#### DIRECTIONS:
The material below contains a line with "Dx_x (xpow_e_lam_gen lam" and a line with "exact (Cmod_e_gen_coef_le _ _ _ _ _ Hdelta0". Copy exactly those two lines and all lines between them.

── RECORDED DATA

Lemma Cmod_delta_le_shift (n : nat) : Cmod delta <= Cmod (RtoC (INR n) + delta).
Proof.
  pose proof (pos_INR n); pose proof (Cmod_ge_0 delta).
  pose proof (Cmod_ge_0 (RtoC (INR n) + delta)).
  pose proof (Cmod2_alt delta); pose proof (Cmod2_alt (RtoC (INR n) + delta)).
  rewrite re_plus, im_plus, re_RtoC, im_RtoC in *; nra.
Qed.

Lemma Cmod_delta_pos : 0 < Cmod delta.
Proof. exact (Rlt_le_trans _ _ _ (Rlt_le_trans _ _ _ Hdelta (Rle_abs _)) (re_le_Cmod delta)). Qed.

Lemma shift_delta_neq0 (n : nat) : (RtoC (INR n) + delta)%C <> 0%C.
Proof.
  intros E; pose proof (Cmod_delta_le_shift n) as H; pose proof Cmod_delta_pos.
  rewrite E, Cmod_0 in H; lra.
Qed.

Lemma e_gen_coef_S_term (k n : nat) (y : C) :
  (delta * (e_gen_coef lam delta (S k) n * Cpow y n)
   + RtoC (INR n) * e_gen_coef lam delta (S k) n * Cpow y n)%C
  = (e_gen_coef lam delta k n * Cpow y n)%C.
Proof.
  pose proof (shift_delta_neq0 n) as Hd.
  unfold e_gen_coef; simpl Cpow; field; split; [apply Cpow_nz|]; exact Hd.
Qed.

Lemma e_lam_gen_derive_step (k : nat) (x : R) : 0 < x < / Rabs lam ->
  exists D, is_derive_C (fun t => e_lam_gen lam (RtoC t) delta (S k)) x D /\
            e_lam_gen lam (RtoC x) delta k
            = (delta * e_lam_gen lam (RtoC x) delta (S k) + RtoC x * D)%C.
Proof.
  intros Hx; assert (Hx' : Cmod (RtoC x) < / Rabs lam) by (rewrite Cmod_R, Rabs_pos_eq; lra).
  pose proof (is_series_e_lam_gen _ _ _ _ k Hlam Hx' Cmod_delta_pos Cmod_delta_le_shift) as Hk.
  pose proof (is_series_e_lam_gen _ _ _ _ (S k) Hlam Hx' Cmod_delta_pos Cmod_delta_le_shift) as HSk.
  destruct (is_derive_C_power_series (e_gen_coef lam delta (S k))
              (fun n => (/ Cmod delta) ^ S k * e_coef (- Rabs lam) n) x) as [D [HD HxD]].
  { intros n; exact (Cmod_e_gen_coef_le _ _ _ _ _ Cmod_delta_pos (Cmod_delta_le_shift n)). }
  { rewrite CV_radius_e_coef_majorant, Rabs_pos_eq
      by (try apply pow_lt, Rinv_0_lt_compat, Cmod_delta_pos; lra).
    exact (proj2 Hx). }
  exists D; split.
  - exact (is_derive_C_ext _ _ _ _ (fun t => eq_sym (e_lam_gen_CSeries _ _ _ _)) HD).
  - rewrite <- (CSeries_unique _ _ Hk).
    apply CSeries_unique.
    refine (is_series_ext _ _ _ _ (is_series_plus _ _ _ _ (is_series_scal delta _ _ HSk) HxD)).
    intros n; exact (e_gen_coef_S_term k n (RtoC x)).
Qed.

Lemma Dx_x_xpow_e_lam_gen (k : nat) (x : R) : 0 < x < / Rabs lam ->
  Dx_x (xpow_e_lam_gen lam delta (S k)) x = xpow_e_lam_gen lam delta k x.
Proof.
  intros Hx; destruct (e_lam_gen_derive_step k x Hx) as [D [HD Hstep]].
  apply is_derive_C_Dx_x.
  pose proof (is_derive_C_mult _ _ x _ _ (is_derive_C_RtoC x)
    (is_derive_C_mult _ _ x _ _ (is_derive_C_Rcpow (delta - 1) x (proj1 Hx)) HD)) as H.
  unfold xpow_e_lam_gen; rewrite Hstep.
  refine (eq_ind _ (is_derive_C _ x) H _ _).
  assert (Hx0 : RtoC x <> 0%C) by (intros E; apply RtoC_inj in E; lra).
  field; exact Hx0.
Qed.

Lemma Dx_x_iter_xpow_e_lam_gen (j k : nat) (x : R) : 0 < x < / Rabs lam ->
  Dx_x_iter j (xpow_e_lam_gen lam delta (k + j)) x = xpow_e_lam_gen lam delta k x.
Proof.
  revert k x; induction j as [|j IH]; intros k x Hx; [now rewrite Nat.add_0_r|].
  replace (k + S j)%nat with (S k + j)%nat by lia; simpl Dx_x_iter.
  rewrite (Dx_x_ext_loc _ (xpow_e_lam_gen lam delta (S k))); [exact (Dx_x_xpow_e_lam_gen k x Hx)|].
  refine (filter_imp _ _ _ (open_and _ _ (open_gt 0) (open_lt (/ Rabs lam)) x Hx)).
  intros t Ht; exact (IH (S k) t Ht).
Qed.

Lemma is_series_e_lam_gen_generating (x z : C) :
  Cmod x < / Rabs lam -> Cmod z < Cmod delta ->
  is_series (fun k => e_lam_gen lam x delta k * Cpow z k)%C
            (e_lam lam x + z * e_lam_gen lam x (delta - z) 1)%C.
Proof.
  intros Hx Hz; pose proof Cmod_delta_pos as Hdelta0.
  pose proof shift_delta_neq0 as Hd.
  assert (Hdz : forall n, Cmod delta - Cmod z <= Cmod (RtoC (INR n) + (delta - z))%C).
  { intros n; pose proof (Cmod_delta_le_shift n);
      pose proof (Cmod_triangle (RtoC (INR n) + (delta - z))%C z) as Htri.
    replace (RtoC (INR n) + (delta - z) + z)%C with (RtoC (INR n) + delta)%C in Htri by ring; lra. }
  assert (Hdz0 : forall n, (RtoC (INR n) + (delta - z))%C <> 0%C).
  { intros n E; pose proof (Hdz n) as H; rewrite E, Cmod_0 in H; lra. }
  apply (is_series_geometric_interchange (fun n => e_gen_coef lam delta 0 n * Cpow x n)%C
           (fun n => z / (RtoC (INR n) + delta))%C _
           (fun n => (/ Cmod delta) ^ 0 * e_coef (- Rabs lam) n * Cmod x ^ n)
           (Series (fun n => (/ Cmod delta) ^ 0 * e_coef (- Rabs lam) n * Cmod x ^ n))
           (Cmod z / Cmod delta)).
  - intros n; rewrite Cmod_mult, Cmod_pow; apply Rmult_le_compat_r; [apply pow_le, Cmod_ge_0|].
    exact (Cmod_e_gen_coef_le _ _ _ _ _ Hdelta0 (Cmod_delta_le_shift n)).
  - apply Series_correct, ex_series_e_coef_majorant; [exact Hlam|simpl; lra|].
    now rewrite Rabs_pos_eq by apply Cmod_ge_0.
  - apply Rlt_div_l; lra.
  - intros n; rewrite Cmod_div by exact (Hd n).
    apply Rmult_le_compat_l; [apply Cmod_ge_0|].
    apply Rinv_le_contravar; [exact Hdelta0|apply Cmod_delta_le_shift].
  - intros k; pose proof (is_series_scal (Cpow z k) _ _
      (is_series_e_lam_gen _ _ _ _ k Hlam Hx Hdelta0 Cmod_delta_le_shift)) as H.
    change (scal ?a ?b) with (Cmult a b) in H; rewrite Cmult_comm.
    refine (is_series_ext _ _ _ _ H); intros n.
    assert (Hterm : (Cpow z k * (e_gen_coef lam delta k n * Cpow x n))%C
      = (e_gen_coef lam delta 0 n * Cpow x n * Cpow (z / (RtoC (INR n) + delta)) k)%C).
    { unfold e_gen_coef; rewrite Cpow_div by exact (Hd n); simpl Cpow.
      field; apply Cpow_nz, Hd. }
    exact Hterm.
  - pose proof (is_series_e_lam_gen _ _ _ _ 0 Hlam Hx Hdelta0 Cmod_delta_le_shift) as H0.
    rewrite e_lam_gen_0 in H0.
    pose proof (is_series_e_lam_gen _ _ _ _ 1 Hlam Hx (proj2 (Rlt_0_minus _ _) Hz) Hdz) as H1.
    refine (is_series_ext _ _ _ _ (is_series_plus _ _ _ _ H0 (is_series_scal z _ _ H1))).
    intros n.
    assert (Hterm : (e_gen_coef lam delta 0 n * Cpow x n
                     + z * (e_gen_coef lam (delta - z) 1 n * Cpow x n))%C
      = (e_gen_coef lam delta 0 n * Cpow x n / (1 - z / (RtoC (INR n) + delta)))%C).
    { unfold e_gen_coef; simpl Cpow; field; split; [exact (Hd n)|].
      intros E; apply (Hdz0 n); rewrite <- E; ring. }
    exact Hterm.
Qed.

End FixedParameters.

Theorem theorem3 (lam : R) (delta : C) (Hlam : lam <> 0) (Hdelta : 0 < Re delta) :
  (forall (p : nat) (x : R), (1 <= p)%nat -> 0 < x -> x < 1 / Rabs lam ->
     Dx_x_iter p (fun t => Cmult (Rcpow t (Cminus delta (RtoC 1)))
                                 (e_lam_gen lam (RtoC t) delta p)) x
     = Cmult (Rcpow x (Cminus delta (RtoC 1))) (e_lam lam (RtoC x)))
  /\
  (forall (x z : C), Cmod x < 1 / Rabs lam -> Cmod z < Cmod delta ->
     is_series (fun k => Cmult (e_lam_gen lam x delta k) (Cpow z k))
               (Cplus (e_lam lam x) (Cmult z (e_lam_gen lam x (Cminus delta z) 1)))).
Proof.
  rewrite Rdiv_1_l; split.
  - intros p x _ Hx0 Hx1.
    pose proof (Dx_x_iter_xpow_e_lam_gen lam delta Hlam Hdelta p 0 x (conj Hx0 Hx1)) as H.
    unfold xpow_e_lam_gen at 2 in H; rewrite e_lam_gen_0 in H; exact H.
  - intros x z Hx Hz; exact (is_series_e_lam_gen_generating lam delta Hlam Hdelta x z Hx Hz).
Qed.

────

#### YOUR RESPONSE:
  Dx_x (xpow_e_lam_gen lam delta (S k)) x = xpow_e_lam_gen lam delta k x.
Proof.
  intros Hx; destruct (e_lam_gen_derive_step k x Hx) as [D [HD Hstep]].
  apply is_derive_C_Dx_x.
  pose proof (is_derive_C_mult _ _ x _ _ (is_derive_C_RtoC x)
    (is_derive_C_mult _ _ x _ _ (is_derive_C_Rcpow (delta - 1) x (proj1 Hx)) HD)) as H.
  unfold xpow_e_lam_gen; rewrite Hstep.
  refine (eq_ind _ (is_derive_C _ x) H _ _).
  assert (Hx0 : RtoC x <> 0%C) by (intros E; apply RtoC_inj in E; lra).
  field; exact Hx0.
Qed.

Lemma Dx_x_iter_xpow_e_lam_gen (j k : nat) (x : R) : 0 < x < / Rabs lam ->
  Dx_x_iter j (xpow_e_lam_gen lam delta (k + j)) x = xpow_e_lam_gen lam delta k x.
Proof.
  revert k x; induction j as [|j IH]; intros k x Hx; [now rewrite Nat.add_0_r|].
  replace (k + S j)%nat with (S k + j)%nat by lia; simpl Dx_x_iter.
  rewrite (Dx_x_ext_loc _ (xpow_e_lam_gen lam delta (S k))); [exact (Dx_x_xpow_e_lam_gen k x Hx)|].
  refine (filter_imp _ _ _ (open_and _ _ (open_gt 0) (open_lt (/ Rabs lam)) x Hx)).
  intros t Ht; exact (IH (S k) t Ht).
Qed.

Lemma is_series_e_lam_gen_generating (x z : C) :
  Cmod x < / Rabs lam -> Cmod z < Cmod delta ->
  is_series (fun k => e_lam_gen lam x delta k * Cpow z k)%C
            (e_lam lam x + z * e_lam_gen lam x (delta - z) 1)%C.
Proof.
  intros Hx Hz; pose proof Cmod_delta_pos as Hdelta0.
  pose proof shift_delta_neq0 as Hd.
  assert (Hdz : forall n, Cmod delta - Cmod z <= Cmod (RtoC (INR n) + (delta - z))%C).
  { intros n; pose proof (Cmod_delta_le_shift n);
      pose proof (Cmod_triangle (RtoC (INR n) + (delta - z))%C z) as Htri.
    replace (RtoC (INR n) + (delta - z) + z)%C with (RtoC (INR n) + delta)%C in Htri by ring; lra. }
  assert (Hdz0 : forall n, (RtoC (INR n) + (delta - z))%C <> 0%C).
  { intros n E; pose proof (Hdz n) as H; rewrite E, Cmod_0 in H; lra. }
  apply (is_series_geometric_interchange (fun n => e_gen_coef lam delta 0 n * Cpow x n)%C
           (fun n => z / (RtoC (INR n) + delta))%C _
           (fun n => (/ Cmod delta) ^ 0 * e_coef (- Rabs lam) n * Cmod x ^ n)
           (Series (fun n => (/ Cmod delta) ^ 0 * e_coef (- Rabs lam) n * Cmod x ^ n))
           (Cmod z / Cmod delta)).
  - intros n; rewrite Cmod_mult, Cmod_pow; apply Rmult_le_compat_r; [apply pow_le, Cmod_ge_0|].
    exact (Cmod_e_gen_coef_le _ _ _ _ _ Hdelta0 (Cmod_delta_le_shift n)).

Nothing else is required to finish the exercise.